Let, $$a_n=\left\{0,1,2,0,1,2,0,1,2\cdots \cdots\cdots\right\}$$ or $$f(n)=n+2-3 \left \lfloor {\frac{n+2}{3}}\right \rfloor$$

Then, we get

$$\sum_{i=1}^{n}a_n=\left \lfloor{\frac{n - 2}{3}}\right\rfloor + 2 \left(\left\lfloor{\frac n3}\right\rfloor + 1 \right) + 1$$

So, we have

$$\lim_{n\to\infty}\frac{\sum_{i=1}^{n}a_n}{2n}=\frac{\left \lfloor{\frac{n - 2}{3}}\right\rfloor + 2 \left(\left\lfloor{\frac n3}\right\rfloor + 1 \right) + 1}{2n}=\frac 12$$

This result imply, if $f(n)=n+2-3 \left \lfloor {\frac{n+2}{3}}\right \rfloor$ there exist a stationary limit point for $\lim_{n\to\infty} \frac{\sum_{k=1}^{n}f(k)}{2n}$, which equals to $\frac 12.$

And here is my question:

If the function $f(k)$ is computable, is there always a limit point for $\lim_{n\to\infty} \frac{\sum_{k=1}^{n}f(k)}{2n}$ or is it possible to find such a computable function $f(n)$, there doesn't exist a limit point for $\lim_{n\to\infty} \frac{\sum_{k=1}^{n}f(k)}{2n}$ ?

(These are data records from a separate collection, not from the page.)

Lemma at_right_intro c (P : R -> Prop) :
  (exists d, 0 < d /\ forall t, c < t < c + d -> P t) -> at_right c P.
Proof.
  intros [d [Hd H]]. exists (mkposreal d Hd). intros t Ht Hct. rewrite ball_R in Ht; simpl in Ht.
  apply H. apply Rabs_lt_between in Ht. lra.
Qed.

Lemma at_left_intro c (P : R -> Prop) :
  (exists d, 0 < d /\ forall t, c - d < t < c -> P t) -> at_left c P.
Proof.
  intros [d [Hd H]]. exists (mkposreal d Hd). intros t Ht Hct. rewrite ball_R in Ht; simpl in Ht.
  apply H. apply Rabs_lt_between in Ht. lra.
Qed.

Lemma at_right_elim c (P : R -> Prop) : at_right c P ->
  exists d, 0 < d /\ forall t, c < t < c + d -> P t.
Proof.
  intros [[d Hd] H]. exists d; split; auto. intros t Ht. apply H; [|lra].
  rewrite ball_R; simpl. apply Rabs_lt_between. lra.
Qed.

Lemma at_left_elim c (P : R -> Prop) : at_left c P ->
  exists d, 0 < d /\ forall t, c - d < t < c -> P t.
Proof.
  intros [[d Hd] H]. exists d; split; auto. intros t Ht. apply H; [|lra].
  rewrite ball_R; simpl. apply Rabs_lt_between. lra.
Qed.

Lemma locally_intro c (P : R -> Prop) :
  (exists d, 0 < d /\ forall t, c - d < t < c + d -> P t) -> locally c P.
Proof.
  intros [d [Hd H]]. exists (mkposreal d Hd). intros t Ht. rewrite ball_R in Ht; simpl in Ht.
  apply H. apply Rabs_lt_between in Ht. lra.
Qed.

Lemma at_right_lt c d : 0 < d -> at_right c (fun t => t < c + d).
Proof. intros Hd. apply at_right_intro. exists d; split; [exact Hd|]. intros t Ht; apply Ht. Qed.

Lemma at_left_gt c d : 0 < d -> at_left c (fun t => c - d < t).
Proof. intros Hd. apply at_left_intro. exists d; split; [exact Hd|]. intros t Ht; apply Ht. Qed.

Lemma filterlim_id_at_right c : filterlim (fun t => t) (at_right c) (locally c).
Proof. eapply filterlim_filter_le_1; [apply filter_le_within | apply filterlim_id]. Qed.

Lemma filterlim_id_at_left c : filterlim (fun t => t) (at_left c) (locally c).
Proof. eapply filterlim_filter_le_1; [apply filter_le_within | apply filterlim_id]. Qed.

Lemma locally_of_sides c (P : R -> Prop) : P c -> at_right c P -> at_left c P -> locally c P.
Proof.
  intros H0 Hr Hl.
  destruct (at_right_elim _ _ Hr) as [d1 [Hd1 H1]]. destruct (at_left_elim _ _ Hl) as [d2 [Hd2 H2]].
  apply locally_intro. exists (Rmin d1 d2); split; [apply Rmin_glb_lt; auto|].
  pose proof (Rmin_l d1 d2). pose proof (Rmin_r d1 d2).
  intros t Ht. destruct (Rtotal_order t c) as [Hlt|[->|Hgt]]; auto with real.
  - apply H2; lra.
  - apply H1; lra.
Qed.

Lemma derivable_pt_lim_of_sides (f : R -> R) c l :
  filterlim (fun t => (f t - f c) / (t - c)) (at_right c) (locally l) ->
  filterlim (fun t => (f t - f c) / (t - c)) (at_left c) (locally l) ->
  derivable_pt_lim f c l.
Proof.
  intros Hr Hl eps Heps.
  set (P t := t <> c -> ball l eps ((f t - f c) / (t - c))).
  assert (HP : locally c P).
  { apply locally_of_sides; [intros []; reflexivity| |];
      [eapply filter_imp, (proj1 (filterlim_locally _ _) Hr (mkposreal eps Heps)) |
       eapply filter_imp, (proj1 (filterlim_locally _ _) Hl (mkposreal eps Heps))];
      intros t Ht _; exact Ht. }
  destruct HP as [d Hd]. exists d. intros h Hh0 Hh.
  assert (Hb : ball c d (c + h)) by (apply ball_R; replace (c + h - c) with h by ring; exact Hh).
  specialize (Hd _ Hb ltac:(lra)). rewrite ball_R in Hd.
  replace (c + h - c) with h in Hd by ring. exact Hd.
Qed.

Lemma continuous_of_sides (f : R -> R) c :
  filterlim f (at_right c) (locally (f c)) -> filterlim f (at_left c) (locally (f c)) ->
  filterlim f (locally c) (locally (f c)).
Proof.
  intros Hr Hl. apply filterlim_locally. intros eps.
  apply locally_of_sides; [apply ball_center | apply (proj1 (filterlim_locally _ _) Hr)
                          | apply (proj1 (filterlim_locally _ _) Hl)].
Qed.

Lemma ex_RInt_of_continuous (f : R -> R) a b :
  (forall s, Rmin a b <= s <= Rmax a b -> continuous f s) -> ex_RInt f a b.
Proof. intros H. exact (@ex_RInt_continuous R_CompleteNormedModule f a b H). Qed.

Lemma RInt_Chasles_R (f : R -> R) a b c : ex_RInt f a b -> ex_RInt f b c ->
  RInt f a b + RInt f b c = RInt f a c.
Proof. intros H1 H2. exact (@RInt_Chasles R_CompleteNormedModule f a b c H1 H2). Qed.

Lemma Rabs_RInt_le_const (f : R -> R) u v M : ex_RInt f u v ->
  (forall s, Rmin u v <= s <= Rmax u v -> Rabs (f s) <= M) ->
  Rabs (RInt f u v) <= Rabs (v - u) * M.
Proof.
  intros Hex Hb. destruct (Rle_or_lt u v) as [Huv|Huv].
  - rewrite (Rabs_right (v - u)) by lra. apply abs_RInt_le_const; auto.
    intros t Ht. apply Hb. rewrite Rmin_left, Rmax_right; lra.
  - rewrite <- (Rabs_Ropp (RInt f u v)).
    change (- RInt f u v) with (opp (RInt f u v)). rewrite opp_RInt_swap by exact Hex.
    replace (Rabs (v - u)) with (u - v) by (rewrite Rabs_left; lra).
    apply abs_RInt_le_const; [lra | apply ex_RInt_swap; exact Hex |].
    intros t Ht. apply Hb. rewrite Rmin_right, Rmax_left; lra.
Qed.

Definition is_interval (S : R -> Prop) :=
  forall a b s, S a -> S b -> Rmin a b <= s <= Rmax a b -> S s.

I mean, $$\lim_{n\to\infty}\text{sup} \frac{\sum_{k=1}^{n}f(k)}{2n}≠\lim_{n\to\infty} \text{inf}\frac{\sum_{k=1}^{n}f(k)}{2n}$$

Answer 1

Here is mine. $f(k) = 0$ if $k$ has an even number of digits, and $f(k) = 1$ if $k$ has an odd number of digits.

So:
$f(k) = 1$ for $k$ from $1$ to $9$, since $k$ has $1$ digit and $1$ is odd.
$f(k) = 0$ for $k$ from $10$ to $99$, since $k$ has $2$ digits and $2$ is even.
$f(k) = 1$ for $k$ from $100$ to $999$, since $k$ has $3$ digits and $3$ is odd.
$f(k) = 0$ for $k$ from $1000$ to $9999$, since $k$ has $4$ digits and $4$ is even.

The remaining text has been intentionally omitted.